* **Work item**
Of the entries below, return exactly those lines that fall between the one containing "Lemma linear_onZ a" and the one containing "End linear_on_subspace.", the two end lines included.

Data entries:
(* Under the standing setting and assumptions (A1)–(A3) described in the context, assume $\mathcal R(X)\neq\emptyset$ for all $X\in\mathcal X$ and that for any distinct $X,Y\in\partial\mathcal A$ with $X-Y\in\ker(\pi)$ there exists $\lambda\in(0,1)$ with $\lambda X+(1-\lambda)Y\in\mathrm{int}\,\mathcal A$. Then $|\mathcal R(X)|=1$ for all $X\in\mathcal X$.
   Context: Let $\mathcal X$ be a Hausdorff, first countable, locally convex topological vector space over $\mathbb R$, partially ordered by a partial order $\geq$ with positive cone $\mathcal X_+=\{X\in\mathcal X: X\geq 0\}$. Let $\mathcal M\subset\mathcal X$ be a vector subspace with $1<\dim\mathcal M<\infty$, carrying the relative topology, and let $\pi:\mathcal M\to\mathbb R$ be linear with $\ker(\pi)=\{Z\in\mathcal M:\pi(Z)=0\}$. Standing assumptions: (A1) there is $U\in\mathcal M\cap\mathcal X_+$ with $\pi(U)=1$; (A2) $\mathcal A\subsetneq\mathcal X$ is closed, contains $0$, and satisfies $\mathcal A+\mathcal X_+\subset\mathcal A$; (A3) the map $\rho(X)=\inf\{\pi(Z): Z\in\mathcal M,\ X+Z\in\mathcal A\}$ is finitely valued and continuous on $\mathcal X$. The optimal payoff map is $\mathcal R(X)=\{Z\in\mathcal M: X+Z\in\mathcal A,\ \pi(Z)=\rho(X)\}$; $|\cdot|$ is cardinality. $\partial$ and $\mathrm{int}$ denote boundary and interior in $\mathcal X$. *)

From HB Require Import structures.
From mathcomp Require Import all_boot all_order all_algebra.
From mathcomp Require Import all_classical all_reals all_analysis.
Set Implicit Arguments. Unset Strict Implicit. Unset Printing Implicit Defensive.
Import Order.TTheory GRing.Theory Num.Theory.
Local Open Scope classical_set_scope.
Local Open Scope ring_scope.

Definition first_countable (T : topologicalType) : Prop :=
  forall x : T, exists B : nat -> set T,
    (forall n, nbhs x (B n)) /\ (forall U, nbhs x U -> exists n, B n `<=` U).

Definition partial_order {T : Type} (ge : T -> T -> Prop) : Prop :=
  (forall x, ge x x) /\ (forall x y, ge x y -> ge y x -> x = y) /\
  (forall x y z, ge x y -> ge y z -> ge x z).

Definition pos_cone {R : numDomainType} {E : lmodType R} (ge : E -> E -> Prop)
  : set E := [set X | ge X 0].

Definition is_subspace {R : numDomainType} {E : lmodType R} (M : set E) : Prop :=
  M 0 /\ (forall (a : R) x y, M x -> M y -> M (a *: x + y)).

Definition has_dim {R : numDomainType} {E : lmodType R} (M : set E) (n : nat)
  : Prop :=
  exists b : 'I_n -> E,
    (forall i, M (b i)) /\
    (forall c : 'I_n -> R, \sum_(i < n) c i *: b i = 0 -> forall i, c i = 0) /\
    (forall x, M x -> exists c : 'I_n -> R, x = \sum_(i < n) c i *: b i).

(* pi is linear on M (only its restriction to M matters) *)
Definition linear_on {R : numDomainType} {E : lmodType R} (M : set E)
  (pi : E -> R) : Prop :=
  forall (a : R) x y, M x -> M y -> pi (a *: x + y) = a * pi x + pi y.

Definition price_set {R : numDomainType} {E : lmodType R} (M : set E)
  (pi : E -> R) (A : set E) (X : E) : set R :=
  [set pi Z | Z in [set Z | M Z /\ A (X + Z)]].

Definition rho {R : realType} {E : lmodType R} (M : set E) (pi : E -> R)
  (A : set E) (X : E) : R := inf (price_set M pi A X).

Definition optR {R : realType} {E : lmodType R} (M : set E) (pi : E -> R)
  (A : set E) (X : E) : set E :=
  [set Z | M Z /\ A (X + Z) /\ pi Z = rho M pi A X].

Definition boundary {T : topologicalType} (A : set T) : set T :=
  closure A `\` interior A.

(* If Z is optimal for X, then X + Z lies on the boundary of A: were it
   interior, moving it a little along -U (with pi U = 1) would stay in A and
   lower the price below rho X.  Two distinct optimal Z0, Z1 give boundary
   points X + Z0, X + Z1 whose difference is in ker pi, so by hypothesis some
   convex combination of them is interior; but that combination is X + Z for
   the payoff Z = l Z1 + (1 - l) Z0, which again has price rho X. *)
From HB Require Import structures.
From mathcomp Require Import all_boot all_order all_algebra.
From mathcomp Require Import all_classical all_reals all_analysis.
From mathcomp Require Import ring.
Set Implicit Arguments. Unset Strict Implicit. Unset Printing Implicit Defensive.
Import Order.TTheory GRing.Theory Num.Theory.
Local Open Scope classical_set_scope.
Local Open Scope ring_scope.

Lemma nbhs_shift_neg (R : realType) (E : tvsType R) (S : set E) (P V : E) :
  nbhs P S -> exists2 t : R, t < 0 & S (P + t *: V).
Proof.
move=> SP.
have := @add_continuous E (P, 0) S; rewrite /= addr0 => /(_ SP).
move=> [[B1 B2] /= [B1P B2_0] B12S].
have := @scale_continuous R E (0, V) B2; rewrite /= scale0r => /(_ B2_0).
move=> [[C1 C2] /= [C1_0 C2V] C12B2].
have : \forall t \near (0 : R)^'-, t < 0 /\ C1 t.
  apply: filterI; [exact: nbhs_left_lt | exact: (cvg_within _ C1_0)].
move=> /filter_ex[t [t0 C1t]]; exists t => //.
apply: (B12S (P, t *: V)); split; first exact: nbhs_singleton.
by apply: (C12B2 (t, V)); split; last exact: nbhs_singleton.
Qed.

Section linear_on_subspace.
Variables (R : numDomainType) (E : lmodType R) (M : set E) (pi : E -> R).
Hypotheses (M_subspace : is_subspace M) (pi_linear : linear_on M pi).

Lemma subspaceZ a x : M x -> M (a *: x).
Proof.
by move=> Mx; rewrite -[a *: x]addr0; apply: M_subspace.2 => //; exact: M_subspace.1.
Qed.

Lemma subspaceB x y : M x -> M y -> M (x - y).
Proof. by move=> Mx My; rewrite addrC -scaleN1r; exact: M_subspace.2. Qed.

Lemma linear_on0 : pi 0 = 0.
Proof.
have := pi_linear 1 M_subspace.1 M_subspace.1.
by rewrite scale1r addr0 mul1r => pi00; apply: (@addrI _ (pi 0)); rewrite addr0 -pi00.
Qed.

Lemma linear_onZ a x : M x -> pi (a *: x) = a * pi x.
Proof.
move=> Mx; have := pi_linear a Mx M_subspace.1.
by rewrite addr0 linear_on0 addr0.
Qed.

Lemma linear_onB x y : M x -> M y -> pi (x - y) = pi x - pi y.
Proof.
by move=> Mx My; have := pi_linear (-1) My Mx; rewrite scaleN1r mulN1r !(addrC (- _)).
Qed.

Lemma subspace_lincomb a b x y : M x -> M y -> M (a *: x + b *: y).
Proof. by move=> Mx My; apply: M_subspace.2 => //; exact: subspaceZ. Qed.

Lemma linear_on_lincomb a b x y : M x -> M y ->
  pi (a *: x + b *: y) = a * pi x + b * pi y.
Proof. by move=> Mx My; rewrite pi_linear ?linear_onZ //; exact: subspaceZ. Qed.

End linear_on_subspace.

Section optimal_payoffs.
Variables (R : realType) (E : tvsType R) (M : set E) (pi : E -> R) (A : set E).
Hypotheses (M_subspace : is_subspace M) (pi_linear : linear_on M pi).
Variable U : E.
Hypotheses (MU : M U) (piU : pi U = 1).

Lemma rho_le_price X Z : has_lbound (price_set M pi A X) ->
  M Z -> A (X + Z) -> rho M pi A X <= pi Z.
Proof. by move=> lbX MZ AXZ; apply: (ge_inf lbX); exists Z. Qed.

Lemma rho_price_not_interior X Z : has_lbound (price_set M pi A X) ->
  M Z -> pi Z = rho M pi A X -> ~ interior A (X + Z).
Proof.
move=> lbX MZ piZ /(nbhs_shift_neg U)[t t_lt0 At].
have MtUZ : M (t *: U + Z) by exact: M_subspace.2.
have AXtUZ : A (X + (t *: U + Z)) by rewrite (addrC (t *: U)) addrA.
have := rho_le_price lbX MtUZ AXtUZ.
by rewrite pi_linear // piU mulr1 piZ lerDr leNgt t_lt0.
Qed.

Lemma optR_boundary X Z : has_lbound (price_set M pi A X) ->
  optR M pi A X Z -> boundary A (X + Z).
Proof.
move=> lbX [MZ [AXZ piZ]]; split; first exact: subset_closure.
exact: rho_price_not_interior.
Qed.

End optimal_payoffs.

Theorem mainTheorem13 (R : realType) (E : tvsType R)
  (ge : E -> E -> Prop) (M : set E) (pi : E -> R) (A : set E)
  (hE : hausdorff_space E) (fcE : first_countable E)
  (hge : partial_order ge)
  (hM : is_subspace M) (hdim : exists n, (1 < n)%N /\ has_dim M n)
  (hpi : linear_on M pi)
  (A1 : exists U, M U /\ pos_cone ge U /\ pi U = 1)
  (A2_closed : closed A) (A2_0 : A 0) (A2_ne : A <> setT)
  (A2_mono : forall a p, A a -> pos_cone ge p -> A (a + p))
  (A3_fin : forall X, price_set M pi A X !=set0 /\ has_lbound (price_set M pi A X))
  (A3_cont : continuous (fun X : E => (rho M pi A X : R^o)))
  (hR : forall X, optR M pi A X !=set0)
  (hstrict : forall X Y, X <> Y -> boundary A X -> boundary A Y ->
     M (X - Y) -> pi (X - Y) = 0 ->
     exists l : R, 0 < l < 1 /\ interior A (l *: X + (1 - l) *: Y)) :
  forall X, exists Z, optR M pi A X = [set Z].
Proof.
move=> X; have [U [MU [_ piU]]] := A1.
have bdry := optR_boundary hM hpi MU piU (A3_fin X).2.
have [Z0 optZ0] := hR X; exists Z0.
apply/seteqP; split => [Z1 optZ1|_ ->] //=.
apply: contrapT => Z10; have [[MZ0 [_ piZ0]] [MZ1 [_ piZ1]]] := (optZ0, optZ1).
have shiftB : X + Z1 - (X + Z0) = Z1 - Z0 by rewrite opprD addrACA subrr add0r.
have [||l [_]] := hstrict (X + Z1) (X + Z0)
  (fun eqXZ => Z10 (addrI X eqXZ)) (bdry _ optZ1) (bdry _ optZ0).
- by rewrite shiftB; exact: (subspaceB hM).
- by rewrite shiftB (linear_onB hpi) // piZ0 piZ1 subrr.
set Z := l *: Z1 + (1 - l) *: Z0.
have -> : l *: (X + Z1) + (1 - l) *: (X + Z0) = X + Z.
  by rewrite !scalerDr addrACA -scalerDl [l + _]addrC subrK scale1r.
apply: (rho_price_not_interior hM hpi MU piU (A3_fin X).2).
  exact: (subspace_lincomb hM).
by rewrite (linear_on_lincomb hM hpi) // piZ0 piZ1; ring.
Qed.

* **Answer to the problem**
Lemma linear_onZ a x : M x -> pi (a *: x) = a * pi x.
Proof.
move=> Mx; have := pi_linear a Mx M_subspace.1.
by rewrite addr0 linear_on0 addr0.
Qed.

Lemma linear_onB x y : M x -> M y -> pi (x - y) = pi x - pi y.
Proof.
by move=> Mx My; have := pi_linear (-1) My Mx; rewrite scaleN1r mulN1r !(addrC (- _)).
Qed.

Lemma subspace_lincomb a b x y : M x -> M y -> M (a *: x + b *: y).
Proof. by move=> Mx My; apply: M_subspace.2 => //; exact: subspaceZ. Qed.

Lemma linear_on_lincomb a b x y : M x -> M y ->
  pi (a *: x + b *: y) = a * pi x + b * pi y.
Proof. by move=> Mx My; rewrite pi_linear ?linear_onZ //; exact: subspaceZ. Qed.

End linear_on_subspace.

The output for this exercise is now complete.